PHILADELPHIA — Even the sickest of patients with acute heart failure (HF) can be safely started on sacubitril/valsartan (Entresto, Novartis) in the intensive-care unit (ICU) as part of their careful transition from IV vasodilators and inotropes to oral therapy, suggests an early experience of fewer than 2 dozen cases.

Despite concerns that some patients can develop hypotension when starting on sacubitril/valsartan, 17 of the 22 patients in whom the strategy was attempted tolerated the drug and left the ICU on 1 of its 3 standard dosage levels.

Dr Trejeeve Martyn

The total group's cardiac index (CI) averaged 1.67 L/min/m2 before initiation of sacubitril/valsartan, "which is quite low, 2.2 being our cut-off for cardiogenic shock," observed Trejeeve Martyn, MD, Cleveland Clinic, Ohio, speaking to | Medscape Cardiology.

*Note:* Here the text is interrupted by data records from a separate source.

Lemma proper_eval_factor_seq (F : fieldType) n d :
  proper_eval F n d = \prod_(k <- factor_seq d) psum F n (2 * k + 1).
Proof.
rewrite /proper_eval /factor_seq big_cat big_flatten big_map /=; congr (_ * _).
rewrite -(big_mkord xpredT (fun k => psum F n (2 * k + 1) ^+ nth 0%N d.1 k)).
by rewrite /index_iota subn0; apply: eq_bigr => k _; rewrite big_nseq iter_mulr_1.
Qed.

Lemma count_factor_seq d x :
  count_mem x (factor_seq d) =
    ((if (x < size d.1)%N then nth 0%N d.1 x else 0) + count_mem x d.2)%N.
Proof.
rewrite count_cat; congr (_ + _)%N.
elim: (size d.1) => [//|N IH].
rewrite -addn1 iotaD map_cat flatten_cat count_cat IH /= cats0 count_nseq add0n addn1 ltnS.
case: ltngtP => [lt|lt|->] /=.
- by rewrite (gtn_eqF lt) mul0n addn0.
- by rewrite (ltn_eqF lt).
- by rewrite eqxx mul1n.
Qed.

Lemma factor_seq_inj {n : nat} {d d' : seq nat * seq nat} :
  proper_data n d -> proper_data n d' -> perm_eq (factor_seq d) (factor_seq d') -> d = d'.
Proof.
case: d d' => [c b] [c' b'] /and4P [/= /eqP size_c sorted_b big_b _].
move=> /and4P [/= /eqP size_c' sorted_b' big_b' _] /permP pe.
have count_eq x : ((if (x < size c)%N then nth 0%N c x else 0) + count_mem x b =
                   (if (x < size c')%N then nth 0%N c' x else 0) + count_mem x b')%N.
  by rewrite -(count_factor_seq (c, b)) -(count_factor_seq (c', b')).
have count_small (e : seq nat) x :
    all (fun b => (n.-1)./2 < b)%N e -> (x < (n.-1)./2.+1)%N -> count_mem x e = 0%N.
  by move=> /allP e_big lt_x; apply/count_memPn/negP => /e_big; rewrite ltnNge -ltnS lt_x.
congr (_, _).
  apply: (@eq_from_nth _ 0%N); first by rewrite size_c size_c'.
  move=> x; rewrite size_c => lt_x.
  by have := count_eq x; rewrite size_c size_c' lt_x !count_small ?addn0.
apply: (sorted_eq leq_trans anti_leq sorted_b sorted_b'); apply/allP => y _; apply/eqP.
have := count_eq y; rewrite size_c size_c'.
case: ltnP => [lt_y _|_]; last by rewrite !add0n.
by rewrite (count_small _ _ big_b lt_y) (count_small _ _ big_b' lt_y).
Qed.

Lemma size_factor_seq_nopos d :
  ~~ has (fun c => 0 < c)%N d.1 -> size (factor_seq d) = size d.2.
Proof.
move=> /hasPn c0.
have size_nil :
    {in iota 0 (size d.1), size \o (fun k => nseq (nth 0%N d.1 k) k) =1 fun=> 0%N}.
  move=> k; rewrite mem_iota add0n => /andP [_ lt_k] /=; rewrite size_nseq.
  by apply/eqP; rewrite -leqn0 leqNgt c0 // mem_nth.
rewrite size_cat size_flatten /shape -map_comp (iffLR (eq_in_map _ _ _) size_nil).
by elim: (iota _ _).
Qed.

Theorem mainTheorem10 (F : fieldType) (hF : [pchar F] =i pred0)
  (n : nat) (hn : (1 <= n)%N)
  (a : seq nat) (ha : size a = (n./2).+1)
  (haj : all (fun x => (n.-1)./2 < x)%N a)
  (m : nat) (alpha : 'I_m -> F) (g : 'I_m -> seq nat * seq nat)
  (hg : forall l, proper_data n (g l))
  (hdist : injective g)
  (hf : long_prod F n a = \sum_(l < m) alpha l *: proper_eval F n (g l)) :
  forall l : 'I_m, alpha l != 0 -> has (fun c => 0 < c)%N (g l).1.
Proof.
move=> l0 alpha_l0; apply/negPn/negP => no_pos_l0.
pose D l := factor_seq (g l).
have rel : \prod_(k <- a) psum F n (2 * k + 1) =
    \sum_l alpha l *: \prod_(k <- D l) psum F n (2 * k + 1).
  by rewrite -/(long_prod F n a) hf; under eq_bigr do rewrite proper_eval_factor_seq.
pose sizes r := [exists l, (alpha l != 0) && (size (D l) == r)].
have [|r /existsP [l1 /andP [alpha_l1 /eqP size_l1]] r_min] := @ex_minnP sizes.
  by exists (size (D l0)); apply/existsP; exists l0; rewrite alpha_l0 eqxx.
have D_ge l : alpha l != 0 -> (r <= size (D l))%N.
  by move=> alpha_l; apply: r_min; apply/existsP; exists l; rewrite alpha_l eqxx.
have le_r_i : (r <= n./2)%N.
  apply: leq_trans (D_ge _ alpha_l0) _; rewrite size_factor_seq_nopos //.
  by case/and4P: (hg l0).
have lt_r_a : (r < size a)%N by rewrite ha ltnS.
apply: (negP alpha_l1); apply/eqP.
apply: (@odd_prod_wpsum_indep F hF r _ (fun l => size (D l) == r) alpha D _ _
         (lowest_terms_vanish lt_r_a le_r_i D_ge rel)).
- by move=> l /eqP.
- by move=> l l' _ _ /(factor_seq_inj (hg l) (hg l')) /hdist.
- by rewrite size_l1.
Qed.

"When they left the ICU, on average they had a significant improvement," to 2.43 L/min/m2, said Martyn, who presented the experience here at the Heart Failure Society of America (HFSA) 23rd Annual Scientific Meeting.

The 22 patients included some who were in cardiogenic shock from an acute myocardial infarction (MI) along with others with chronic HF who were hospitalized with a severe acute exacerbation.

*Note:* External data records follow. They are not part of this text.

(* Let $q$ be a prime power and $m$ a prime number. Then there is a loop $L$ of order $q^{m^2}-1$ whose center is $\mathbb{F}_q^\times\cdot 1$, whose left, middle and right nuclei are all $\mathbb{F}_{q^m}^\times\cdot 1$, and whose automorphism group is non-trivial and contains a cyclic subgroup of inner automorphisms of order $s=(q^m-1)/(q-1)$.
   Context: A loop is a set with a binary operation and identity element $1$ in which, in $xy=z$, any two of $x,y,z$ determine the third uniquely. Its left, middle and right nuclei are the sets of $x$ with $(xy)z=x(yz)$, resp. $(yx)z=y(xz)$, resp. $(yz)x=y(zx)$, for all $y,z$; the center consists of nuclear elements commuting with all elements. The statement ''$\mathbb{F}_{q}^\times\cdot 1$'' etc. refers to $L$ being realized as the nonzero elements of a finite unital division algebra over $\mathbb{F}_q$ containing $\mathbb{F}_{q^m}$ as a subfield $\mathbb{F}_{q^m}\cdot 1$. An inner automorphism is a loop automorphism of the form $x\mapsto (c_lx)c$ where $c_l$ is the left inverse of $c$. *)

From HB Require Import structures.
From mathcomp Require Import all_boot all_order all_algebra all_fingroup all_solvable all_field.
Set Implicit Arguments. Unset Strict Implicit. Unset Printing Implicit Defensive.
Import GRing.Theory.
Local Open Scope ring_scope.

Section Loops.
Variables (T : finType) (op : T -> T -> T) (e : T).

Definition is_loop : Prop :=
  (forall x, op e x = x /\ op x e = x) /\
  (forall x z, exists! y, op x y = z) /\
  (forall y z, exists! x, op x y = z).

Definition left_nucleus : {set T} :=
  [set x | [forall y, forall z, op (op x y) z == op x (op y z)]].
Definition middle_nucleus : {set T} :=
  [set x | [forall y, forall z, op (op y x) z == op y (op x z)]].
Definition right_nucleus : {set T} :=
  [set x | [forall y, forall z, op (op y z) x == op y (op z x)]].
Definition loop_center : {set T} :=
  [set x in left_nucleus :&: middle_nucleus :&: right_nucleus |
     [forall y, op x y == op y x]].

Definition loop_aut : {set {perm T}} :=
  [set f : {perm T} | [forall x, forall y, f (op x y) == op (f x) (f y)]].

Definition is_inner_aut (f : {perm T}) : Prop :=
  f \in loop_aut /\
  exists c cl : T, op cl c = e /\ forall x, f x = op (op cl x) c.
End Loops.

Section Alg.
Variables (F : finFieldType) (n : nat).
Notation V := 'rV[F]_n.
Variables (mul : V -> V -> V) (one : V).

Definition is_unital_division_algebra : Prop :=
  (forall (a : F) (x y z : V), mul (a *: x + y) z = a *: mul x z + mul y z) /\
  (forall (a : F) (x y z : V), mul z (a *: x + y) = a *: mul z x + mul z y) /\
  (forall x, mul one x = x /\ mul x one = x) /\
  (forall a, a != 0 -> bijective (mul a) /\ bijective (fun x => mul x a)).

Definition is_subfield (K : {set V}) : Prop :=
  (forall c : F, c *: one \in K) /\
  (forall x y, x \in K -> y \in K -> x + y \in K) /\
  (forall (c : F) x, x \in K -> c *: x \in K) /\
  (forall x y, x \in K -> y \in K -> mul x y \in K) /\
  (forall x y, x \in K -> y \in K -> mul x y = mul y x) /\
  (forall x y z, x \in K -> y \in K -> z \in K ->
      mul (mul x y) z = mul x (mul y z)) /\
  (forall x, x \in K -> x != 0 -> exists2 y, y \in K & mul x y = one).
End Alg.

Notation nzvec F n := {x : 'rV[F]_n | x != 0}.

(* Let L be the degree-m extension of F = F_q, sigma its Frobenius and a an element of L
   outside F. The nonassociative cyclic algebra (L/F, sigma, a) is L^m, read as
   L + L t + ... + L t^(m-1) with t^i x = sigma^i(x) t^i and t^m = a. Left multiplication
   by t is a sigma-semilinear map T whose m-th power is diagonal with entries the conjugates
   sigma^l(a), pairwise distinct since m is prime. Hence every nonzero T-stable L-subspace
   contains a basis vector, and then everything; so y, T y, ..., T^(m-1) y are independent
   for y <> 0, and x y = sum_i x_i T^i y vanishes only for x = 0. The associator
   [t^u, t^(m-u), t^u] has coefficient a - sigma^u(a) <> 0, which confines the three nuclei
   to L and the centre to the fixed field F. Conjugation by a nuclear c in L^x is a loop
   automorphism acting on coordinates by x_i |-> c^-1 sigma^i(c) x_i; it is trivial exactly
   when c lies in F, so a generator of L^x gives a cyclic group of inner automorphisms of
   order (q^m - 1)/(q - 1). *)

From HB Require Import structures.
From mathcomp Require Import all_boot all_order all_algebra all_fingroup all_solvable all_field.
From mathcomp Require Import zify ring.
Set Implicit Arguments. Unset Strict Implicit. Unset Printing Implicit Defensive.
Import GRing.Theory.
Local Open Scope ring_scope.

Lemma iter_gcdn_fixed (T : Type) (f : T -> T) x i j :
  iter i f x = x -> iter j f x = x -> iter (gcdn i j) f x = x.
Proof.
have iter_mul_fixed k l : iter l f x = x -> iter (k * l) f x = x.
  by move=> fx; rewrite iterM iter_fix.
case: (posnP i) => [-> _ //|i_gt0 fix_i fix_j]; first by rewrite gcd0n.
have [b _ /dvdnP[c def_c]] := Bezoutl j i_gt0.
by rewrite -{2}(iter_mul_fixed c i fix_i) -def_c iterD iter_mul_fixed.
Qed.

Section Iterates.
Variables (L : fieldType) (s : {rmorphism L -> L}).

Definition sigma i : L -> L := iter i s.

Lemma sigma_is_nmod_morphism i : nmod_morphism (sigma i).
Proof. by split=> [|x y]; elim: i => //= i ->; rewrite ?rmorph0 ?rmorphD. Qed.
Lemma sigma_is_monoid_morphism i : monoid_morphism (sigma i).
Proof. by split=> [|x y]; elim: i => //= i ->; rewrite ?rmorph1 ?rmorphM. Qed.
HB.instance Definition _ i :=
  GRing.isNmodMorphism.Build L L (sigma i) (sigma_is_nmod_morphism i).
HB.instance Definition _ i :=
  GRing.isMonoidMorphism.Build L L (sigma i) (sigma_is_monoid_morphism i).

Lemma sigmaM i x y : sigma i (x * y) = sigma i x * sigma i y.
Proof. exact: rmorphM. Qed.

Lemma sigmaD i j x : sigma (i + j) x = sigma i (sigma j x).
Proof. exact: iterD. Qed.

End Iterates.

Section LoopConjugation.
Variables (T : finType) (op : T -> T -> T) (e : T).
Hypothesis loopT : is_loop op e.

Lemma loop_lmul_inj c : injective (op c).
Proof.
move=> x y eq_xy; have [_ [ldiv _]] := loopT; have [w [_ w_uniq]] := ldiv c (op c x).
by rewrite -(w_uniq x erefl) (w_uniq y (esym eq_xy)).
Qed.

Lemma loop_rmul_inj c : injective (op^~ c).
Proof.
move=> x y eq_xy; have [_ [_ rdiv]] := loopT; have [w [_ w_uniq]] := rdiv c (op x c).
by rewrite -(w_uniq x erefl) (w_uniq y (esym eq_xy)).
Qed.

Definition conj_map (cl c x : T) := op (op cl x) c.

Lemma conj_map_inj cl c : injective (conj_map cl c).
Proof. by move=> x y /loop_rmul_inj/loop_lmul_inj. Qed.

Definition conj_perm cl c : {perm T} := perm (@conj_map_inj cl c).

Lemma conj_perm_aut cl c : op c cl = e ->
  c \in left_nucleus op -> c \in middle_nucleus op -> c \in right_nucleus op ->
  cl \in left_nucleus op -> conj_perm cl c \in loop_aut op.
Proof.
move=> c_cl; rewrite !inE.
move=> /'forall_'forall_eqP Nl_c /'forall_'forall_eqP Nm_c /'forall_'forall_eqP Nr_c.
move=> /'forall_'forall_eqP Nl_cl; apply/'forall_'forall_eqP => x y; rewrite !permE /conj_map.
by rewrite -Nr_c Nm_c -Nl_c c_cl (proj1 (loopT.1 y)) [in RHS]Nl_cl.
Qed.

Lemma conj_perm_inner cl c : op cl c = e -> conj_perm cl c \in loop_aut op ->
  is_inner_aut op e (conj_perm cl c).
Proof. by move=> cl_c aut_c; split=> //; exists c, cl; split=> // x; rewrite permE. Qed.

End LoopConjugation.

Lemma card_nzvec (F : finFieldType) n : #|[set: nzvec F n]| = (#|F| ^ n - 1)%N.
Proof.
rewrite cardsT card_sig -[n in (_ ^ n)%N]mul1n -(card_mx F 1 n) subn1 -(cardC1 0).
by apply: eq_card => x; rewrite !inE.
Qed.

Section DivisionAlgebraLoop.
Variables (F : finFieldType) (n : nat).
Local Notation V := 'rV[F]_n.
Variables (mul : V -> V -> V) (one : V).
Hypotheses (divA : is_unital_division_algebra mul one) (one_neq0 : one != 0).

Lemma dmul0l y : mul 0 y = 0.
Proof.
apply: (addrI (mul 0 y)); have := divA.1 1 0 0 y.
by rewrite !scale1r !addr0 => <-.
Qed.

Lemma dmul0r x : mul x 0 = 0.
Proof.
apply: (addrI (mul x 0)); have := divA.2.1 1 0 0 x.
by rewrite !scale1r !addr0 => <-.
Qed.

Lemma dmul_neq0 x y : x != 0 -> y != 0 -> mul x y != 0.
Proof.
move=> x_neq0; apply: contra_neq => xy0; have [/bij_inj mul_x_inj _] := divA.2.2.2 x x_neq0.
by apply: mul_x_inj; rewrite xy0 dmul0r.
Qed.

Definition nz_mul (x y : nzvec F n) : nzvec F n :=
  exist _ (mul (val x) (val y)) (dmul_neq0 (valP x) (valP y)).
Definition nz_one : nzvec F n := exist _ one one_neq0.

Lemma nz_solution (f : V -> V) : bijective f -> f 0 = 0 ->
  forall z : nzvec F n, exists! y : nzvec F n, f (val y) = val z.
Proof.
move=> [g fK gK] f0 z; have gz_neq0 : g (val z) != 0.
  by apply: contraTneq (valP z) => gz0; rewrite -[val z]gK gz0 f0 eqxx.
exists (Sub (g (val z)) gz_neq0); split=> [|y fy]; first by rewrite SubK gK.
by apply: val_inj; rewrite SubK -fy fK.
Qed.

Lemma nz_mul_loop : is_loop nz_mul nz_one.
Proof.
split; [|split] => [x | x z | y z].
- by have [l1 r1] := divA.2.2.1 (val x); split; apply: val_inj.
- have [y [fy y_uniq]] := nz_solution (divA.2.2.2 _ (valP x)).1 (dmul0r _) z.
  by exists y; split=> [|y' /(congr1 val)]; [apply: val_inj | apply: y_uniq].
- have [x [fx x_uniq]] := nz_solution (divA.2.2.2 _ (valP y)).2 (dmul0l _) z.
  by exists x; split=> [|x' /(congr1 val)]; [apply: val_inj | apply: x_uniq].
Qed.

Lemma nz_forall2 (P : V -> V -> bool) : (forall z, P 0 z) -> (forall y, P y 0) ->
  [forall y : nzvec F n, forall z : nzvec F n, P (val y) (val z)] = [forall y, forall z, P y z].
Proof.
move=> P0l P0r; apply/'forall_'forall_idP/'forall_'forall_idP => [Pnz y z | PV y z //].
have [-> // | y_neq0] := eqVneq y 0; have [-> // | z_neq0] := eqVneq z 0.
by have := Pnz (Sub y y_neq0) (Sub z z_neq0); rewrite !SubK.
Qed.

Changes in hemodynamics in the 10 patients with chronic HF were followed during transition from IV to oral meds using a Swan-Ganz pulmonary artery (PA) catheter.  

Their average mean arterial pressure (MAP) dropped only about 9% from before to after initiation of sacubitril/valsartan, while other hemodynamic measures improved.

"Oral vasodilators are the goal for patients in cardiogenic shock on IV drugs," noted Dmitry M. Yaranov, MD, Cleveland Clinic, who presented hemodynamic data for the 10 patients in a separate report at the HFSA sessions.

Dr Dmitri Yaranov

The vasodilators of choice in the ICU are usually ACE inhibitors or angiotensin-receptor blockers (ARBs), hydralazine, or isosorbide dinitrate, Yaranov said in an interview. "This, to our knowledge, is the first reported experience with Entresto" and represents "a completely off-label use. It's not in the guidelines."

Sacubitril/valsartan, the lone approved member of the angiotensin receptor–neprilysin inhibitor (ARNI) drug class, is a conjoined complex of the two agents making up its name. It was approved as an alternative to ACE inhibitors or ARBs in patients with chronic HF based largely on mortality outcomes in the PARADIGM-HF comparison with enalapril.

Later, in the PIONEER-HF trial, the drug was successfully initiated predischarge in HF patients who had been stabilized after an acute decompensation. Levels of the biomarker N-terminal pro-B-type natriuretic peptide (NT-proBNP) fell significantly over 8 weeks in those patients compared with others who had been started on the ACE inhibitor.

The 22 patients in the current analyses definitely had more severe disease than was permitted in the major sacubitril/valsartan randomized trials, Mark H. Drazner, MD, University of Texas Southwestern Medical Center, Dallas, told | Medscape Cardiology.

Dr Mark Drazner

"They extended the drug into a population that wasn't previously well studied," observed Drazner, who isn't connected with the two reports. The question was, where in the continuum of HF severity and acuity is the earliest time patients will tolerate sacubitril/valsartan?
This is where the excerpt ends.